▶ ACTIVITY: Every line in the data below from the one containing "Section HittingTime." down to the one containing "move=> n_ge2.", both included, must be retyped exactly; no other line is to appear.
——
(* Let $\{\mathrm{BP}(t): t\ge 0\}$ be the genealogical tree process of the two-type population dependent branching process with parameters $p\in(0,1]$, $q\in[0,1]$ (described in the context), and for $n\ge 2$ let $T_n=\inf\{t\ge 0: n_A(t)+n_B(t)=n\}$. Then $\mathrm{BP}(T_n)\stackrel{d}{=}\mathcal{T}_n$ for each $n\ge 2$, where $\{\mathcal{T}_n\}_{n\ge 2}$ is the two-type Community Modulated Recursive Tree with parameters $p,q$. In fact $\{\mathrm{BP}(T_n)\}_{n\ge 2}\stackrel{d}{=}\{\mathcal{T}_n\}_{n\ge 2}$ as processes.
   Context: Two-type Community Modulated Recursive Tree (CMRT) with parameters $p\in(0,1]$, $q\in[0,1]$: $\mathcal{T}_2$ consists of vertex $1$ of type $A$ and vertex $2$ of type $B$ joined by an edge (the roots of type $A$ and $B$). For $n\ge 3$, $\mathcal{T}_n$ is obtained from $\mathcal{T}_{n-1}$ by adding vertex $n$: (1) vertex $n$ is of type $A$ with probability $p$ and of type $B$ with probability $1-p$; (2) with probability $q$ it decides to connect to a vertex of its own type, and with probability $1-q$ to a vertex of the other type; (3) it connects by an edge to an existing vertex of the selected type chosen uniformly at random. All random choices are independent. Population dependent branching process: a continuous-time process started at time $0$ with two individuals (ancestors), one of type $A$ and one of type $B$; individuals live forever. Let $n_A(t), n_B(t)$ be the numbers of type $A$, $B$ individuals at time $t$ ($n_A(0)=n_B(0)=1$). At time $t$, each type $A$ individual gives birth to type $A$ individuals at rate $q$ and to type $B$ individuals at rate $(1-p)(1-q)/p$; each type $B$ individual gives birth to type $A$ individuals at rate $\frac{n_A(t)}{n_B(t)}(1-q)$ and to type $B$ individuals at rate $\frac{n_A(t)}{n_B(t)}\cdot\frac{q(1-p)}{p}$ (waiting times between births are exponential with these rates given the current state). $\mathrm{BP}(t)$ is the recursive tree recording the genealogy up to and including time $t$: the type $A$ and type $B$ ancestors are labeled $1$ and $2$ and joined by an edge, every other individual is a vertex labeled by its overall birth order and joined by an edge to its parent. *)

From HB Require Import structures.
From mathcomp Require Import all_boot all_order all_algebra.
From mathcomp Require Import all_classical all_reals all_analysis.
Set Implicit Arguments. Unset Strict Implicit. Unset Printing Implicit Defensive.
Import Order.TTheory GRing.Theory Num.Theory.
Local Open Scope ring_scope.

(** A (two-type, labeled, rooted recursive) tree on vertices 1..n is encoded as
    a sequence of length n: entry i (0-based, i.e. vertex i+1) is
    (type, parent) with type = true for A, false for B, and parent the 0-based
    index of the vertex it is attached to.  The two roots are
    vertex 1 (type A) and vertex 2 (type B, attached to vertex 1, which encodes
    the edge between the roots); the parent field of vertex 1 is irrelevant
    and fixed to 0. *)
Definition vstate := seq (bool * nat).

Definition init_state : vstate := [:: (true, 0%N); (false, 0%N)].

Definition nA (x : vstate) : nat := count (fun e => e.1) x.
Definition nB (x : vstate) : nat := count (fun e => ~~ e.1) x.

Definition vtype (x : vstate) (v : nat) : bool := (nth (true, 0%N) x v).1.

Definition step_of (x y : vstate) : bool :=
  [&& size y == (size x).+1, take (size x) y == x &
      ((last (true, 0%N) y).2 < size x)%N].

Definition birth_rate (R : realType) (p q : R) (x : vstate) (c : bool) (v : nat) : R :=
  if vtype x v then (if c then q else (1 - p) * (1 - q) / p)
  else (nA x)%:R / (nB x)%:R * (if c then 1 - q else q * (1 - p) / p).

Definition total_rate (R : realType) (p q : R) (x : vstate) : R :=
  \sum_(v < size x) \sum_(c : bool) birth_rate p q x c v.

Definition bp_rate (R : realType) (p q : R) (x y : vstate) : R :=
  if step_of x y then birth_rate p q x (last (true, 0%N) y).1 (last (true, 0%N) y).2
  else 0.

Definition bp_jump_prob (R : realType) (p q : R) (x y : vstate) : R :=
  bp_rate p q x y / total_rate p q x.

(** jump times: J_k = S_0 + ... + S_{k-1}, S_k = holding time in the k-th state *)
Definition jump_time (R : realType) (T : Type) (S : nat -> T -> R) (k : nat) (w : T) : R :=
  \sum_(i < k) S i w.

(** CMRT transition probability from T_{n-1} = x to T_n = y: the new vertex
    has type c (prob p or 1-p), chooses the type of v (same type with prob q,
    other type with prob 1-q), and v uniformly among vertices of that type. *)
Definition cmrt_step (R : realType) (p q : R) (x y : vstate) : R :=
  if step_of x y then
    let c := (last (true, 0%N) y).1 in
    let v := (last (true, 0%N) y).2 in
    (if c then p else 1 - p) * (if vtype x v == c then q else 1 - q)
      / (count (fun e => e.1 == vtype x v) x)%:R
  else 0.

From HB Require Import structures.
From mathcomp Require Import all_boot all_order all_algebra.
From mathcomp Require Import all_classical all_reals all_analysis.
From mathcomp Require Import ring lra zify.
Import Order.TTheory GRing.Theory Num.Theory.
Local Open Scope classical_set_scope.
Local Open Scope ring_scope.

(* In every state containing vertices of both types the total birth rate of
   the branching process is n_A / p, and dividing the individual rates by it
   gives exactly the CMRT transition probabilities.  Holding times are
   positive, so BP(T_n) is the (n-2)-th state of the jump chain, and the path
   laws of (BP(T_k))_k and (T_k)_k coincide.  The one-dimensional marginals then
   agree because the BP marginal is dominated by the CMRT one and both are
   probability distributions on the same finite set of trees. *)

Lemma sum_vtype (R : nmodType) (x : vstate) (a b : R) :
  \sum_(v < size x) (if vtype x v then a else b) = a *+ nA x + b *+ nB x.
Proof.
rewrite -(big_mkord xpredT (fun v => if vtype x v then a else b)) /vtype.
rewrite -(big_nth (true, 0%N) xpredT (fun e : bool * nat => if e.1 then a else b)).
elim: x => [|[[] v] x IH]; rewrite ?big_nil ?addr0 // big_cons IH /nA /nB /=.
  by rewrite mulrS addrA.
by rewrite mulrS addrCA.
Qed.

Definition has_both_types (x : vstate) := (0 < nA x)%N && (0 < nB x)%N.

Lemma total_rateE (R : realType) (p q : R) (x : vstate) :
  p != 0 -> has_both_types x -> total_rate p q x = (nA x)%:R / p.
Proof.
move=> p0 /andP[nA_gt0 nB_gt0].
have nB_neq0 : (nB x)%:R != 0 :> R by rewrite pnatr_eq0 -lt0n.
rewrite /total_rate (eq_bigr (fun v : 'I_(size x) => if vtype x v
    then q + (1 - p) * (1 - q) / p
    else (nA x)%:R / (nB x)%:R * (1 - q + q * (1 - p) / p))); last first.
  by move=> v _; rewrite big_bool /birth_rate; case: (vtype x v) => //=; ring.
rewrite sum_vtype -(mulr_natr _ (nA x)) -(mulr_natr _ (nB x)); field.
by rewrite p0 nB_neq0.
Qed.

Lemma step_of_rcons (x y : vstate) : step_of x y -> y = rcons x (last (true, 0%N) y).
Proof.
case/and3P => /eqP size_y /eqP take_y _.
case/lastP: y size_y take_y => [//|s e]; rewrite size_rcons => -[<-].
by rewrite -cats1 take_size_cat // last_cat cats1 => <-.
Qed.

Lemma has_both_types_step (x y : vstate) :
  step_of x y -> has_both_types x -> has_both_types y.
Proof.
move=> /step_of_rcons -> /andP[nA_gt0 nB_gt0].
rewrite /has_both_types /nA /nB -cats1 !count_cat.
by apply/andP; split; apply: leq_trans (leq_addr _ _).
Qed.

Lemma bp_jump_probE (R : realType) (p q : R) (x y : vstate) :
  p != 0 -> has_both_types x -> bp_jump_prob p q x y = cmrt_step p q x y.
Proof.
move=> p0 both; rewrite /bp_jump_prob /bp_rate /cmrt_step total_rateE //.
case: (step_of x y); last by rewrite mul0r.
case/andP: both => nA_gt0 nB_gt0.
have nA_neq0 : (nA x)%:R != 0 :> R by rewrite pnatr_eq0 -lt0n.
have nB_neq0 : (nB x)%:R != 0 :> R by rewrite pnatr_eq0 -lt0n.
have countA : count (fun e : bool * nat => e.1 == true) x = nA x.
  by apply: eq_count => e; rewrite eqb_id.
have countB : count (fun e : bool * nat => e.1 == false) x = nB x.
  by apply: eq_count => e; rewrite eqbF_neg.
rewrite /birth_rate.
by case: (vtype x _); case: (last _ y).1; rewrite /= ?countA ?countB; field;
  rewrite ?nA_neq0 ?nB_neq0 ?p0.
Qed.

Lemma has_both_types_cmrt_path (R : realType) (p q : R) (xs : nat -> vstate) m :
  xs 0%N = init_state -> \prod_(i < m) cmrt_step p q (xs i) (xs i.+1) != 0 ->
  has_both_types (xs m).
Proof.
move=> xs0; elim: m => [|m IH]; first by rewrite xs0.
rewrite big_ord_recr mulf_eq0 negb_or => /andP[/IH both].
rewrite /cmrt_step; case: ifP => [step _|_]; last by rewrite eqxx.
exact: has_both_types_step step both.
Qed.

Lemma prod_bp_jump_probE (R : realType) (p q : R) (xs : nat -> vstate) m : p != 0 ->
  (xs 0%N == init_state)%:R * \prod_(i < m) bp_jump_prob p q (xs i) (xs i.+1)
  = (xs 0%N == init_state)%:R * \prod_(i < m) cmrt_step p q (xs i) (xs i.+1).
Proof.
move=> p0; case: eqP => [xs0|_]; last by rewrite !mul0r.
congr (_ * _); elim: m => [|m IH]; first by rewrite !big_ord0.
rewrite !big_ord_recr /= IH.
have [->|nz] := eqVneq (\prod_(i < m) cmrt_step p q (xs i) (xs i.+1)) 0.
  by rewrite !mul0r.
by rewrite bp_jump_probE // (@has_both_types_cmrt_path _ p q _ _ xs0 nz).
Qed.

Lemma partial_sums_bracket (R : realDomainType) (S : nat -> R) m t :
  0 <= t < \sum_(i < m) S i ->
  exists2 k, (k < m)%N & \sum_(i < k) S i <= t < \sum_(i < k.+1) S i.
Proof.
elim: m => [|m IH]; first by rewrite big_ord0; lra.
case/andP => t_ge0 t_lt; case: (ltP t (\sum_(i < m) S i)) => [lt_t|le_t].
  by case: IH => [|k km hk]; [rewrite t_ge0 | exists k => //; apply: ltnW].
by exists m; rewrite ?le_t.
Qed.

Section HittingTime.
Context {R : realType} {S : nat -> R} {B : R -> vstate} {y : nat -> vstate}.
Hypothesis S_gt0 : forall k, 0 < S k.
Hypothesis size_y : forall k, size (y k) = k.+2.
Hypothesis B_jump : forall k t, \sum_(i < k) S i <= t < \sum_(i < k.+1) S i -> B t = y k.

Lemma state_at_jump_time k : B (\sum_(i < k) S i) = y k.
Proof. by apply: B_jump; rewrite lexx big_ord_recr /= ltrDl. Qed.

Lemma hitting_timeE n : (2 <= n)%N ->
  inf [set t | 0 <= t /\ size (B t) = n] = \sum_(i < n - 2) S i.
Proof.
move=> n_ge2.
have sum_ge0 k : 0 <= \sum_(i < k) S i by apply: sumr_ge0 => i _; apply: ltW.
have hit : [set t | 0 <= t /\ size (B t) = n] (\sum_(i < n - 2) S i).
  by rewrite /= state_at_jump_time size_y sum_ge0; split => //; lia.
have lb : lbound [set t | 0 <= t /\ size (B t) = n] (\sum_(i < n - 2) S i).
  move=> t [t_ge0 size_t]; rewrite leNgt; apply/negP => t_lt.
  have [|k k_lt /B_jump Bt] := @partial_sums_bracket R S (n - 2) t; first by rewrite t_ge0.
  by move: size_t; rewrite Bt size_y; lia.
apply/eqP; rewrite eq_le ge_inf ?lb_le_inf //; first by exists (\sum_(i < n - 2) S i).
by exists (\sum_(i < n - 2) S i).
Qed.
——
▶ ANSWER SPACE:
Section HittingTime.
Context {R : realType} {S : nat -> R} {B : R -> vstate} {y : nat -> vstate}.
Hypothesis S_gt0 : forall k, 0 < S k.
Hypothesis size_y : forall k, size (y k) = k.+2.
Hypothesis B_jump : forall k t, \sum_(i < k) S i <= t < \sum_(i < k.+1) S i -> B t = y k.

Lemma state_at_jump_time k : B (\sum_(i < k) S i) = y k.
Proof. by apply: B_jump; rewrite lexx big_ord_recr /= ltrDl. Qed.

Lemma hitting_timeE n : (2 <= n)%N ->
  inf [set t | 0 <= t /\ size (B t) = n] = \sum_(i < n - 2) S i.
Proof.
move=> n_ge2.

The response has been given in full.